Short-term ligation of bile duct has been used as a model to study acute cholestasis and is associated with various cardiovascular abnormalities. We examined the role of nitric oxide (NO) and endogenous opioids on epinephrine-induced arrhythmia in 7-day bile duct-ligated (BDL) rats. Six groups of rats, each of which was subdivided into two subgroups (sham-operated and BDL), were examined. First group of animals were chronically treated with normal saline. In the second and third groups, single intraperitoneal administration of N(ω)-nitro-l-arginine methyl ester (l-NAME, 10 mg/kg) or naltrexone (20 mg/kg) was performed 30 min before evaluation of epinephrine-induced arrhythmia. Two groups received chronic administration of low dose (3 mg/kg/day) or high dose (10 mg/kg/day) l-NAME; and the last group was treated chronically with naltrexone (20 mg/kg/day). Chronic drug administration was performed subcutaneously for 6 consecutive days following BDL or sham operation. After induction of arrhythmia by intravenous injection of 10 μg/kg epinephrine, mean arterial pressure and electrocardiogram were recorded for 1 min.

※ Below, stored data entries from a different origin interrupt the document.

Lemma rank_add_le p q N (A : 'M[K]_(p, q)) (E : 'M[K]_(q, N)) (C : 'M[K]_(N, q)) :
  A *m E = 0 -> C *m E = 1%:M -> (\rank A + N <= q)%N.
Proof.
move=> AE0 CE1.
have rkA : (\rank A <= q - \rank E)%N.
  by rewrite -mxrank_ker mxrankS // sub_kermx AE0.
have rkE : (N <= \rank E)%N by rewrite -{1}(mxrank1 K N) -CE1 mxrankM_maxr.
by apply: leq_trans (leq_add rkA rkE) _; rewrite subnK ?rank_leq_row.
Qed.

Lemma minor_neq0_rank p q r (A : 'M[K]_(p, q)) (f : 'I_r -> 'I_p) (g : 'I_r -> 'I_q) :
  \det (colsub g (rowsub f A)) != 0 -> (r <= \rank A)%N.
Proof.
rewrite -unitfE -unitmxE => /mxrank_unit <-.
apply: leq_trans (_ : \rank (rowsub f A) <= _)%N; last by rewrite rowsubE mxrankM_maxr.
by rewrite -mxrank_tr trmx_mxsub -[X in (_ <= X)%N]mxrank_tr rowsubE mxrankM_maxr.
Qed.

Lemma exists_minor_rank p q (A : 'M[K]_(p, q)) :
  exists f : 'I_(\rank A) -> 'I_p, exists g : 'I_(\rank A) -> 'I_q,
    \det (colsub g (rowsub f A)) != 0.
Proof.
have full : row_full (rowsub (maxrankfun A) A)^T.
  by rewrite /row_full mxrank_tr; exact: maxrowsub_free.
exists (maxrankfun A), (fullrankfun full).
by have := fullrowsub_unit full; rewrite -trmx_mxsub unitmxE det_tr unitfE.
Qed.

End RankLemmas.

Section Interpolation.
Variables (K : fieldType) (n D : nat).
Local Notation Mon := 'X_{1..n < D.+1}.

Definition mev (x : 'rV[K]_n) (p : {mpoly K[n]}) : K := p.@[fun l => x 0 l].

Definition separating (x y : 'rV[K]_n) : {mpoly K[n]} :=
  if [pick l | x 0 l != y 0 l] is Some l then 'X_l - (y 0 l)%:MP else 1.

Lemma separating_root x y : x != y -> mev y (separating x y) = 0.
Proof.
rewrite /separating /mev; case: pickP => [l _|xy] x_neq_y.
  by rewrite mevalB mevalXU mevalC subrr.
case/eqP: x_neq_y; apply/rowP => i; apply/eqP.
by have := xy i; rewrite /= => /negbFE.
Qed.

Lemma separating_neq0 x y : mev x (separating x y) != 0.
Proof.
rewrite /separating /mev; case: pickP => [l|_].
  by rewrite mevalB mevalXU mevalC subr_eq0.
by rewrite meval1 oner_neq0.
Qed.

Lemma msize_separating x y : (msize (separating x y) <= 2)%N.
Proof.
rewrite /separating; case: pickP => [l _|_]; last by rewrite msize1.
apply: leq_trans (msizeD_le _ _) _.
by rewrite msizeN msizeX mdeg1 geq_max leqnn msizeC; case: (_ != 0).
Qed.

Lemma msize_prod_affine (I : Type) (r : seq I) (P : pred I) (F : I -> {mpoly K[n]}) :
  (forall i, msize (F i) <= 2)%N -> (msize (\prod_(i <- r | P i) F i) <= (size r).+1)%N.
Proof.
move=> F_le; elim: r => [|a r IH]; first by rewrite big_nil msize1.
rewrite big_cons /=; case: (P a); last exact: leq_trans IH _.
have [->|Fa_neq0] := eqVneq (F a) 0; first by rewrite mul0r msize0.
have [->|Fr_neq0] := eqVneq (\prod_(i <- r | P i) F i) 0; first by rewrite mulr0 msize0.
rewrite msizeM // -subn1 leq_subLR add1n; apply: leq_trans (leq_add (F_le a) IH) _.
by rewrite addnS add2n.
Qed.

Lemma mev_mnm_sum x (p : {mpoly K[n]}) : (msize p <= D.+1)%N ->
  mev x p = \sum_(c : Mon) p@_c * mnm_eval x c.
Proof.
move=> p_small; rewrite /mev {1}(mpolywE p_small) raddf_sum.
by apply: eq_bigr => c _ /=; rewrite mevalZ mevalX.
Qed.

Variables (N : nat) (pt : 'I_N -> 'rV[K]_n).
Hypothesis pt_inj : injective pt.
Hypothesis N_le_D : (N <= D)%N.

Definition lagrange (k : 'I_N) : {mpoly K[n]} :=
  \prod_(k' < N | k' != k) separating (pt k) (pt k').

Lemma msize_lagrange k : (msize (lagrange k) <= D.+1)%N.
Proof.
apply: leq_trans (msize_prod_affine _ _ (fun _ => msize_separating _ _)) _.
by rewrite [index_enum _]unlock -enumT size_enum_ord ltnS.
Qed.

Lemma mev_lagrange k k' : k' != k -> mev (pt k') (lagrange k) = 0.
Proof.
move=> k'_neq; have pt_neq : pt k != pt k' by apply: contra k'_neq => /eqP/pt_inj ->.
have := separating_root pt_neq.
by rewrite /mev /lagrange rmorph_prod (bigD1 k') //= => ->; rewrite mul0r.
Qed.

Lemma mev_lagrange_neq0 k : mev (pt k) (lagrange k) != 0.
Proof. by rewrite /mev /lagrange rmorph_prod; apply/prodf_neq0 => k' _; apply: separating_neq0. Qed.

Definition eval_mx : 'M[K]_(#|{: Mon}|, N) :=
  \matrix_(c, k) mnm_eval (pt k) (val (enum_val c)).

Definition lagrange_mx : 'M[K]_(N, #|{: Mon}|) :=
  \matrix_(k, c) ((mev (pt k) (lagrange k))^-1 * (lagrange k)@_(val (enum_val c))).

Lemma lagrange_mxK : lagrange_mx *m eval_mx = 1%:M.
Proof.
apply/matrixP => k k'; rewrite !mxE.
under eq_bigr => c _ do rewrite !mxE -mulrA.
rewrite -mulr_sumr -(big_enum_val (fun c : Mon => (lagrange k)@_c * mnm_eval (pt k') c)).
rewrite -mev_mnm_sum ?msize_lagrange //.
have [->|k'_neq] := eqVneq k' k; first by rewrite mulVf ?mev_lagrange_neq0.
by rewrite (mev_lagrange k'_neq) mulr0.
Qed.

End Interpolation.

Lemma sol1_count_of_rank (K : fieldType) (n d : nat) (T : tensor K n d) :
  (2 < d)%N -> (0 < n)%N ->
  (#|{: 'X_{1..n < ((d.-1) ^ n).+2}}| <= \rank (Mac ((d.-1) ^ n).+1 T) + (d.-1) ^ n)%N ->
  forall s, uniq s -> (forall x, x \in s -> sol1 T x) -> (size s <= (d.-1) ^ n - 1)%N.
Proof.
set M := ((d.-1) ^ n)%N => d_gt2 n_gt0 rkMac s s_uniq s_sol.
have M_gt0 : (0 < M)%N by rewrite expn_gt0; apply/orP; left; lia.
rewrite leqNgt; apply/negP => s_big; have M_le_s : (M <= size s)%N by lia.
pose pt (k : 'I_M.+1) : 'rV[K]_n := nth 0 (0 :: s) k.
have ord_lt (k : 'I_M.+1) : (k < size ((0%R : 'rV[K]_n) :: s))%N.
  by rewrite /= ltnS (leq_trans _ M_le_s) // -ltnS.
have pt_mem k : pt k \in 0 :: s by rewrite mem_nth.
have pt_inj : injective pt.
  have uniq0s : uniq (0 :: s) by rewrite /= s_uniq andbT; apply/negP => /s_sol [] /eqP.
  by move=> k k' /eqP; rewrite /pt nth_uniq // => /eqP/val_inj.
have pt_sol k : contr T (pt k) = pt k.
  by have := pt_mem k; rewrite in_cons => /orP [/eqP ->|/s_sol [] //]; rewrite contr0 //; lia.
have dM : (d.-1 <= M.+1)%N.
  by apply: leqW; rewrite -{1}(expn1 d.-1); apply: leq_pexp2l; lia.
have MacE0 : Mac M.+1 T *m eval_mx M.+1 pt = 0.
  apply/matrixP => r k; rewrite [RHS]mxE -(Mac_sol1 r _ dM (pt_sol k)); last by lia.
  by rewrite mxE; apply: eq_bigr => c _; rewrite [eval_mx _ _ _ _]mxE.
have := leq_trans (rank_add_le MacE0 (lagrange_mxK pt_inj (leqnn _))) rkMac.
by rewrite addnS ltnn.
Qed.

Lemma enum_val_eq (I : finType) (c : 'I_#|{: I}|) (b : I) :
  (enum_val c == b) = (c == enum_rank b).
Proof. by rewrite -(inj_eq enum_rank_inj (enum_val c)) enum_valK. Qed.

Section DiagonalTensor.
Variables (K : fieldType) (n d D : nat).
Hypothesis d_gt2 : (2 < d)%N.
Hypothesis dD : (d.-1 <= D)%N.

Local Notation Mon := 'X_{1..n < D.+1}.
Local Notation Row := ('X_{1..n < (D - d.-1).+1} * 'I_n)%type.

Let d_gt0 : (0 < d)%N. Proof. exact: leq_trans d_gt2. Qed.

Definition const_midx (i : 'I_n) : midx n d := [ffun _ => i].

(* The tensor of the system [x_i^{d-1} = x_i]. *)
Definition diag_tensor : tensor K n d :=
  [ffun j : midx n d => ([forall k1, forall k2, j k1 == j k2] : bool)%:R].

Lemma diag_tensor_sym : sym_tensor diag_tensor.
Proof.
move=> s i; rewrite !ffunE; congr ((_ : bool)%:R).
apply/forallP/forallP => j_const k1; apply/forallP => k2.
  by have /forallP/(_ (s^-1 k2)%g) := j_const (s^-1 k1)%g; rewrite !ffunE !permKV.
by have /forallP/(_ (s k2)) := j_const (s k1); rewrite !ffunE.
Qed.

Lemma midx_head_const i : midx_head i (const_midx i).
Proof. by apply/forallP => k; rewrite ffunE eqxx implybT. Qed.

Lemma diag_tensor_head i j : midx_head i j -> diag_tensor j = (j == const_midx i)%:R.
Proof.
move=> /forallP j_head; rewrite ffunE; congr ((_ : bool)%:R).
have j0 : j (Ordinal d_gt0) = i by apply/eqP; have := j_head (Ordinal d_gt0); rewrite eqxx.
apply/forallP/eqP => [j_const|->]; last by move=> k1; apply/forallP => k2; rewrite !ffunE.
by apply/ffunP => k; rewrite ffunE -j0; have /forallP/(_ (Ordinal d_gt0))/eqP := j_const k.
Qed.

Lemma tail_mnm_const i l : tail_mnm (const_midx i) l = if i == l then d.-1 else 0%N.
Proof.
rewrite mnmE; case: eqP => [->|i_neq_l].
  by rewrite -card_ord_neq0 //; apply: eq_card => k; rewrite !inE ffunE eqxx andbT.
by apply: eq_card0 => k; rewrite !inE ffunE (introF eqP i_neq_l) andbF.
Qed.

Lemma mac_coef_diag a i b :
  mac_coef diag_tensor a i b =
  (b == (a + tail_mnm (const_midx i))%MM)%:R - (b == (a + U_(i))%MM)%:R.
Proof.
rewrite /mac_coef (eq_bigr (fun j => (j == const_midx i)%:R)); last first.
  by move=> j /andP [j_head _]; rewrite (diag_tensor_head j_head).
rewrite big_mkcond (bigD1 (const_midx i)) //= eqxx midx_head_const eq_sym.
rewrite big1 ?addr0; first by case: (b == _).
by move=> j /negPf ->; rewrite if_same.
Qed.

Definition low_mnm (f : {ffun 'I_n -> 'I_(d.-1)}) : 'X_{1..n} := [multinom val (f l) | l < n].

Definition low_mx : 'M[K]_(#|{: {ffun 'I_n -> 'I_(d.-1)}}|, #|{: Mon}|) :=
  \matrix_(r, c) (val (enum_val c) == low_mnm (enum_val r))%:R.

Local Notation delta b := (delta_mx (0 : 'I_1) (enum_rank b)).

Lemma delta_low_sub (b : Mon) : (forall l, b l < d.-1)%N -> (delta b <= low_mx)%MS.
Proof.
move=> b_low; pose f := [ffun l => Ordinal (b_low l)].
have -> : delta b = row (enum_rank f) low_mx.
  apply/rowP => c; rewrite !mxE enum_rankK.
  have -> : low_mnm f = val b by apply/mnmP => l; rewrite mnmE ffunE.
  by rewrite val_eqE enum_val_eq.
exact: row_sub.
Qed.

(* The row [x^a (x_l^{d-1} - x_l)] with [x^a x_l^{d-1} = x^b] trades [x^b] for a monomial of
   lower degree. *)
Lemma Mac_diag_row (b : Mon) l : (d.-1 <= b l)%N ->
  exists r : 'I_#|{: Row}|, exists b' : Mon,
    (mdeg b' < mdeg b)%N /\ row r (Mac D diag_tensor) = delta b - delta b'.
Proof.
move=> b_high; have tail_le : (tail_mnm (const_midx l) <= val b)%MM.
  by apply/mnm_lepP => l'; rewrite tail_mnm_const; case: eqP => [<-|].
set a := (val b - tail_mnm (const_midx l))%MM.
have a_tail : (a + tail_mnm (const_midx l))%MM = val b by rewrite submK.
have deg_a : (mdeg a + d.-1 = mdeg b)%N.
  by rewrite -(mdeg_tail_mnm (const_midx l) d_gt0) -mdegD a_tail.
have deg_b := bmdeg b.
have a_small : (mdeg a < (D - d.-1).+1)%N by lia.
have b'_small : (mdeg (a + U_(l))%MM < D.+1)%N by rewrite mdegD mdeg1; lia.
exists (enum_rank ((BMultinom a_small, l) : Row)), (BMultinom b'_small); split.
  by rewrite /= mdegD mdeg1; lia.
apply/rowP => c; rewrite !mxE enum_rankK /= mac_coef_diag a_tail.
have -> : (val (enum_val c) == (a + U_(l))%MM) = (c == enum_rank (BMultinom b'_small)).
  by rewrite -enum_val_eq -val_eqE.
by rewrite val_eqE enum_val_eq.
Qed.

Lemma delta_sub_Mac_low (b : Mon) : (delta b <= Mac D diag_tensor + low_mx)%MS.
Proof.
have [k] := ubnP (mdeg b); elim: k b => // k IH b deg_b.
have [/existsP [l b_high] | /existsPn b_low] := boolP [exists l, d.-1 <= b l]%N.
  have [r [b' [deg_b' row_r]]] := Mac_diag_row b_high.
  rewrite -(subrK (delta b') (delta b)) -row_r.
  apply: addmx_sub; first exact: submx_trans (row_sub _ _) (addsmxSl _ _).
  by apply: IH; lia.
apply: submx_trans (delta_low_sub _) (addsmxSr _ _) => l.
by rewrite ltnNge; apply: b_low.
Qed.

Lemma rank_Mac_diag : (#|{: Mon}| <= \rank (Mac D diag_tensor) + (d.-1) ^ n)%N.
Proof.
have full : (1%:M <= Mac D diag_tensor + low_mx)%MS.
  by apply/row_subP => c; rewrite row1 -[c]enum_valK; apply: delta_sub_Mac_low.
have := mxrankS full; rewrite mxrank1 => /leq_trans; apply.
apply: leq_trans (mxrank_adds_leqif _ _).1 _; rewrite leq_add2l.
by apply: leq_trans (rank_leq_row _) _; rewrite card_ffun !card_ord.
Qed.

End DiagonalTensor.

Section MacaulayPoly.
Variables (K : comNzRingType) (n d D : nat).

Heart rate and mean arterial pressure were significantly lower in BDL rats (P<0.01). Chronic injection of naltrexone increased heart rate and mean arterial pressure in BDL (P<0.05). Chronic low dose l-NAME administration had no effect on baseline hemodynamic parameters. High dose l-NAME injection corrected hypotension in BDL rats, but not bradycardia (P<0.05). Epinephrine induced less arrhythmia in BDL rats (P<0.05). Acute and chronic injection of naltrexone had no effect on the resistance of BDL rats against epinephrine-induced arrhythmia. Although acute l-NAME administration enhanced arrhythmias in sham-operated rats (P<0.001), it had no effect on BDL animals. Chronic injection of low dose or high dose l-NAME, without having any effect on sham-operated animals, increased arrhythmias in BDL rats (P<0.01). This study showed that BDL animals are resistant against epinephrine-induced arrhythmia and this resistance depends on long-term NO overproduction.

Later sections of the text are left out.